Exercise description:
Select the lines of the records containing the word "ltnNge" and list them.

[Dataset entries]

== Segment start ==

Lemma hmon_in_hq_span J : (\sum_t J t)%N = (2 * delta).+1 -> hq_span (hmon J).
Proof.
move: {2}(sumsq J).+1 (ltnSn (sumsq J)) => K.
elim: K J => [|K IH] J //= hK hs.
have [/forallP hle|] := boolP [forall t, J t <= 2]%N; first exact: hmon_le2_in_hq_span.
rewrite negb_forall => /existsP [i0]; rewrite -ltnNge => hi0.
have [i _ hmax] := @arg_maxnP _ i0 xpredT J isT.
have h3 : (3 <= J i)%N by apply: leq_trans hi0 (hmax i0 isT).
have {}hmax t : (J t <= J i)%N by exact: hmax.
set Bs := [set t | (t != i) && (J i <= (J t).+1)%N].
have [hB|] := leqP (#|Bs| + 2) delta; last exact: hmon_crowded_in_hq_span.
(* trade the factor h_i against n + 1 forms h_t whose exponent is at most J i - 2 *)
have iB : i \notin Bs by rewrite inE eqxx.
have hC : (N <= #|~: (i |: Bs)|)%N.
  by have := cardsC (i |: Bs); rewrite cardsU1 iB card_ord; lia.
have Ji0 : (0 < J i)%N by lia.
have [u [s [sC ->]]] := hmon_shift hC Ji0.
apply: subspace_sum hq_span_subspace _ => a _; apply: subspaceZ hq_span_subspace _.
have : s a \notin i |: Bs by rewrite -in_setC.
rewrite in_setU1 negb_or eq_sym => /andP [ias saB].
have hJs : (J (s a) + 2 <= J i)%N.
  by move: saB; rewrite inE eq_sym ias /= -ltnNge; lia.
apply: IH; last by rewrite sum_shift.
by apply: leq_trans (sumsq_shift ias hJs) _.
Qed.

Definition hmon_span d (F : poly) :=
  forall S, subspace S -> (forall J, (\sum_t J t)%N = d -> S (hmon J)) -> S F.

Lemma hmon_span1 : hmon_span 0 1.
Proof. by move=> S hS hJ; rewrite -hmon0; apply: hJ; rewrite big1. Qed.

Lemma hmon_spanM d1 d2 F G : hmon_span d1 F -> hmon_span d2 G -> hmon_span (d1 + d2) (F * G).
Proof.
move=> hF hG S hS hJ.
apply: (hF (fun X => S (X * G))).
  split; first by rewrite mul0r; apply: subspace0.
  by move=> a x y Sx Sy; rewrite mulrDl -scalerAl; apply: (proj2 hS).
move=> J1 hJ1; apply: (hG (fun Y => S (hmon J1 * Y))).
  split; first by rewrite mulr0; apply: subspace0.
  by move=> a x y Sx Sy; rewrite mulrDr -scalerAr; apply: (proj2 hS).
move=> J2 hJ2; rewrite -hmonD; apply: hJ.
by rewrite big_split /= hJ1 hJ2.
Qed.

Lemma hmon_spanX j : hmon_span 1 'X_j.
Proof.
have hle : (N <= m)%N by lia.
pose s (a : 'I_N) : 'I_m := widen_ord hle a.
have sinj : injective s by move=> a b /(congr1 val) /= /val_inj.
have eX : 'X_j = linform (delta_mx 0 j : 'rV[k]_N).
  rewrite /linform (bigD1 j) //= mxE !eqxx scale1r big1 ?addr0 // => t tj.
  by rewrite mxE (negbTE tj) andbF scale0r.
have [u hu] := general_linform (delta_mx 0 j) sinj.
rewrite eX hu => S hS hJ; apply: subspace_sum => // a _; apply: subspaceZ => //.
by rewrite -hmon1; apply: hJ; rewrite (bigD1 (s a)) //= eqxx big1 // => t /negbTE ->.
Qed.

== Segment end ==

Result:
rewrite negb_forall => /existsP [i0]; rewrite -ltnNge => hi0.
  by move: saB; rewrite inE eq_sym ias /= -ltnNge; lia.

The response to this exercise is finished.